Bill picked a fragment of glass out of his hand. The others watched. He understood why the pain felt familiar. It was a summer wound, a play wound, one of the burns and knee-scrapes and splinters of half a century ago, one of the bee stings, the daily bloody cuts. You slid into a base and got a raspberry. You had a fight and got a shiner.
He said, "We have an innocent man locked in a cellar."
"Of course he's innocent. That's why they took him. It's such a simple idea. Terrorize the innocent. The more heartless they are, the better we see their rage. And isn't it the novelist, Bill, above all people, above all writers, who understands this rage, who knows in his soul what the terrorist thinks and feels? Through history it's the novelist who has felt affinity for the violent man who lives in the dark. Where are your sympathies? With the colonial police, the occupier, the rich landlord, the corrupt government, the militaristic state? Or with the terrorist? And I don't abjure that word even if it has a hundred meanings. It's the only honest word to use."
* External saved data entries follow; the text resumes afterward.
Definition minor (R : comNzRingType) n k (B : 'M[R]_n) (a b : {set 'I_n}) : R :=
  \det (submx_sets 0 k B a b).

(* ||C_k(B)||_infty: maximum absolute row sum of the k-th compound matrix,
   rows/columns indexed by k-subsets of {0,..,n-1}. *)
Definition compound_inf_norm (R : rcfType) n k (B : 'M[R[i]]_n) : R :=
  \big[Num.max/0]_(a : {set 'I_n} | #|a| == k)
     \sum_(b : {set 'I_n} | #|b| == k) ComplexField.Normc.normc (minor k B a b).

Definition col_inf_norm (R : rcfType) n (B : 'M[R[i]]_n) (j : 'I_n) : R :=
  \big[Num.max/0]_(i < n) ComplexField.Normc.normc (B i j).

(* Fix the row of C_k(B) indexed by a k-set a.  Every k-set b is c :\ x for
   exactly n - k pairs (c, x) with #|c| = k + 1 and x \in c, so (n - k) times
   the row sum is the sum over the (k + 1)-sets c of
   \sum_(x in c) |det B(a | c :\ x)|.  These are the moduli of the maximal
   minors of the k x (k + 1) matrix B(a | c); bordering it with a row of
   unimodular phases turns their sum into one (k + 1) x (k + 1) determinant with
   entries of modulus at most 1, which Hadamard's inequality bounds by
   (k + 1)^((k + 1)/2).  Finally 'C(n, k + 1) (k + 1) = 'C(n, k) (n - k). *)

From HB Require Import structures.
From mathcomp Require Import all_boot all_order all_algebra.
From mathcomp Require Import perm sesquilinear spectral.
From mathcomp Require Import complex.
From mathcomp Require Import reals.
Bill's napkin was bunched on the table in front of him. The two men watched him place the glass fragment in a furrow in the cloth. It glinted like sand, the pebbly greenish swamp sand that belongs to childhood, to the bruises and welts, the fingers nicked by foul tips. He felt very tired. He listened to Charlie talk with the other man. He felt the deadweight of travel, the apathy and vagueness of being in a place that didn't matter to him, being invisible to himself, sleeping in a room he wouldn't recognize if he had a picture of it in front of him.
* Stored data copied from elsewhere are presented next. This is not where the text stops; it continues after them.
Fixpoint Sstate (eps : R) (x : nat -> R) (t : nat) : R :=
  match t with
  | 0 => 0
  | t'.+1 => Sstate eps x t' + (x t' - (2^-1 + eps * Num.sg (Sstate eps x t')))
  end.

(* prediction at (0-based) time t, i.e. p_{t+1} = 1/2 + eps * sgn(S_t) *)
Definition forecast (eps : R) (x : nat -> R) (t : nat) : R :=
  2^-1 + eps * Num.sg (Sstate eps x t).

Definition preds (T : nat) (x : {ffun 'I_T -> bool}) : 'I_T -> R :=
  fun i => forecast (powR (T%:R) (- 3^-1)) (bitval x) i.

Definition calibrated (T : nat) (x : {ffun 'I_T -> bool}) (q : 'I_T -> R) : Prop :=
  (forall t, 0 <= q t <= 1) /\
  (forall alpha : R, \sum_(t < T) ((x t)%:R - q t) * (q t == alpha)%:R = 0).

Definition CalDist (T : nat) (x : {ffun 'I_T -> bool}) (p : 'I_T -> R) : R :=
  inf [set r | exists q, calibrated x q /\ r = \sum_(t < T) `|p t - q t|].

(* Expectation under i.i.d. Bernoulli(1/2) bits = uniform average. *)
Definition Eunif (T : nat) (f : {ffun 'I_T -> bool} -> R) : R :=
  (2 ^+ T)^-1 * \sum_(x : {ffun 'I_T -> bool}) f x.
End Defs.

From mathcomp Require Import all_boot all_order all_algebra.
From mathcomp Require Import all_classical all_reals all_analysis.
From mathcomp Require Import ring lra.
Import Order.TTheory GRing.Theory Num.Theory.
Local Open Scope ring_scope.
Set Implicit Arguments. Unset Strict Implicit. Unset Printing Implicit Defensive.

(* Rounds with S_{t-1} > 0 were
   predicted 1/2 + e; greedily removing rounds from this class until its
   excess of ones over 1/2 + e is at most 1 removes at most 4 |M+| + 4 e T
   rounds, where M+ is the excess of ones over 1/2 on the class.  Removed
   rounds and rounds with S_{t-1} = 0 are re-centred at 1/2, each at cost e,
   and symmetrically for S_{t-1} < 0.  Recalibrating each of the three
   classes to its empirical mean is calibrated; the middle class is then
   balanced up to |S_T| plus the re-centring cost, whence
     CalDist <= 4 + |S_T| + 8 e (|M+| + |M-|) + 8 e^2 T.
   Under uniform bits M+ and M- are martingales with E M^2 <= T/4, and since
   the drift -e sgn(S_t) pulls S_t towards 0, E cosh(2 e S_t) stays below 4
   for e <= 1/4, so E |S_T| <= 4 / e.  With e = T^(-1/3) every term is
   O(T^(1/3)); when e > 1/4 we have T < 64 and CalDist <= 3T/2 trivially. *)

(** * Averaging over uniform bits *)

Section UniformAverage.
Variables (R : realType) (T : nat).
Local Notation cube := {ffun 'I_T -> bool}.
Implicit Types (x : cube) (f g : cube -> R).

Lemma Eunif_le f g : (forall x, f x <= g x) -> Eunif f <= Eunif g.
Proof. by move=> fg; rewrite ler_wpM2l ?invr_ge0 ?exprn_ge0 // ler_sum. Qed.

Lemma eq_Eunif f g : (forall x, f x = g x) -> Eunif f = Eunif g.
Proof. by move=> fg; rewrite /Eunif; under eq_bigr do rewrite fg. Qed.

Lemma EunifD f g : Eunif (fun x => f x + g x) = Eunif f + Eunif g.
Proof. by rewrite /Eunif big_split mulrDr. Qed.

Lemma EunifZ (a : R) f : Eunif (fun x => a * f x) = a * Eunif f.
Proof. by rewrite /Eunif -mulr_sumr mulrCA. Qed.

Lemma Eunif_cst (a : R) : Eunif (fun _ : cube => a) = a.
Proof.
rewrite /Eunif sumr_const card_ffun card_bool card_ord -[a *+ _]mulr_natr natrX.
by rewrite mulrCA mulVf ?mulr1 // expf_neq0 ?pnatr_eq0.
Qed.

Definition flip_bit (i : 'I_T) x : cube :=
  [ffun j => if j == i then ~~ x j else x j].

Lemma flip_bitK i : involutive (flip_bit i).
Proof.
by move=> x; apply/ffunP=> j; rewrite !ffunE; case: eqP => // _; rewrite negbK.
Qed.

Lemma flip_bit_id i x : flip_bit i x i = ~~ x i.
Proof. by rewrite ffunE eqxx. Qed.

Lemma flip_bit_ne i j x : j != i -> flip_bit i x j = x j.
Proof. by rewrite ffunE => /negbTE ->. Qed.

Lemma Eunif_bit_avg (i : 'I_T) (Phi : bool -> cube -> R) :
  (forall b x, Phi b (flip_bit i x) = Phi b x) ->
  Eunif (fun x => Phi (x i) x) =
  Eunif (fun x => (Phi true x + Phi false x) / 2).
Proof.
move=> Phi_flip.
have flipE : \sum_(x : cube) Phi (x i) x = \sum_(x : cube) Phi (~~ x i) x.
  rewrite (reindex_inj (can_inj (flip_bitK i))) /=.
  by apply: eq_bigr => x _; rewrite flip_bit_id Phi_flip.
have splitE : \sum_(x : cube) (Phi true x + Phi false x) =
              \sum_(x : cube) Phi (x i) x + \sum_(x : cube) Phi (~~ x i) x.
  by rewrite -big_split; apply: eq_bigr => x _; case: (x i); rewrite // addrC.
by rewrite /Eunif -mulr_suml splitE -flipE; congr (_ * _); field.
Qed.

End UniformAverage.

Section ForecasterState.
Variables (R : realType) (e : R).

Lemma Sstate_prefix (f g : nat -> R) n :
  (forall t, (t < n)%N -> f t = g t) -> Sstate e f n = Sstate e g n.
Proof.
elim: n => [//|n IHn] fg /=.
by rewrite IHn ?fg // => t /ltnW; apply: fg.
Qed.

Lemma Sstate_sum (f : nat -> R) n :
  Sstate e f n = \sum_(t < n) (f t - forecast e f t).
Proof. by elim: n => [|n IHn] /=; rewrite ?big_ord0 // big_ord_recr -IHn. Qed.

Variable T : nat.
Implicit Types (x : {ffun 'I_T -> bool}).

Lemma bitval_ord x (i : 'I_T) : bitval R x i = (x i)%:R.
Proof. by rewrite /bitval insubT //= => lt_iT; congr ((x _)%:R); apply: val_inj. Qed.

Lemma bitval_flip (i : 'I_T) x (t : nat) :
  t != i -> bitval R (flip_bit i x) t = bitval R x t.
Proof.
move=> neq_ti; rewrite /bitval; case: insubP => [j _ jE|] //=.
by rewrite flip_bit_ne // -(inj_eq val_inj) jE.
Qed.

Lemma Sstate_flip (i : 'I_T) x t : (t <= i)%N ->
  Sstate e (bitval R (flip_bit i x)) t = Sstate e (bitval R x) t.
Proof.
move=> le_ti; apply: Sstate_prefix => u lt_ut.
by rewrite bitval_flip // neq_ltn (leq_trans lt_ut le_ti).
Qed.

Lemma Sstate_ordS x (i : 'I_T) :
  Sstate e (bitval R x) i.+1 =
  Sstate e (bitval R x) i + ((x i)%:R - forecast e (bitval R x) i).
Proof. by rewrite /= bitval_ord. Qed.

Lemma forecast_dist_half (f : nat -> R) t : 0 <= e -> `|forecast e f t - 2^-1| <= e.
Proof.
move=> e_ge0; rewrite /forecast addrC addKr normrM ger0_norm //.
by rewrite -[leRHS]mulr1 ler_wpM2l // normr_sg; case: (_ == 0).
Qed.

End ForecasterState.

(** * Moments under uniform bits *)

Lemma le_of_mul_le1 (R : numDomainType) (w d p : R) :
  0 <= w -> 0 <= p -> w * d <= 1 -> 1 <= d * p -> w <= p.
Proof.
move=> w_ge0 p_ge0 wd dp.
by apply: (le_trans (_ : w <= w * (d * p))); [rewrite ler_peMr | rewrite mulrA ler_piMl].
Qed.

Section Cosh.
Variable R : realType.
Implicit Types y b : R.

Definition coshR y := (expR y + expR (- y)) / 2.

Lemma coshRN y : coshR (- y) = coshR y.
Proof. by rewrite /coshR opprK addrC. Qed.

Lemma coshR0 : coshR 0 = 1.
Proof. by rewrite /coshR oppr0 expR0; field. Qed.

Lemma coshRD_avg y u : (coshR (y + u) + coshR (y - u)) / 2 = coshR y * coshR u.
Proof. by rewrite /coshR opprD opprB !expRD; ring. Qed.

Lemma coshR_ge_norm y : `|y| / 2 <= coshR y.
Proof.
rewrite /coshR; have := expR_ge1Dx y; have := expR_ge1Dx (- y).
have := expR_gt0 y; have := expR_gt0 (- y).
by case: (ler0P y) => _; lra.
Qed.

Lemma coshR_ge0 y : 0 <= coshR y.
Proof. by apply: le_trans (coshR_ge_norm y); rewrite divr_ge0. Qed.

Lemma expR_mul1B_le1 y : expR y * (1 - y) <= 1.
Proof.
rewrite -[leRHS](expRxMexpNx_1 y) ler_wpM2l ?(ltW (expR_gt0 y)) //.
by have := expR_ge1Dx (- y); lra.
Qed.

Lemma expRN_le1 y : 0 <= y -> expR (- y) <= 1.
Proof. by move=> y_ge0; have := expR_mul1B_le1 (- y); have := expR_gt0 (- y); nra. Qed.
George was saying, "The first incident was unimportant because it was only a series of phone calls. The second incident was unimportant because nobody was killed. For you and Bill, pure trauma. Otherwise strictly routine. A few years ago a neo-Nazi group in Germany devised the slogan 'The worse the better.' This is also the slogan of Western media. You are nonpersons for the moment, victims without an audience. Get killed and maybe they will notice you."
In the morning Bill had breakfast in a pub near his hotel. He found he was able to order a pint of ale with his ham and eggs even though it was just past seven because night workers from the meat market were on their meal shift now. Extremely progressive licensing policy. White-coated doctors from Saint Bartholomew's sat at the next table. He looked at the cut on his hand. Seemed to be doing nicely but it's good to know the medics are near if you need advice or assistance. Old hospitals with saints' names are the ones you want to go to if you have cuts and abrasions. They haven't forgotten how to treat the classic Crusader wounds.
He took out a notepad and entered the breakfast bill and last night's taxi fare. The sound of the blast was still an echo in his skin.
Later in the day he met Charlie by prearrangement in front of the Chesterfield. They walked through Mayfair in a lazy dazzle of warm light. Charlie wore a blazer, gray flannels and bone-and-blue saddle oxfords.
"I talked to a Colonel Martinson or Martindale. Got it written down. One of those hard sharp technocrats whose religion is being smart. He knows all the phrases, he's got the jargon down pat. If you've got the language of being smart, you'll never catch a cold or get a parking ticket or die."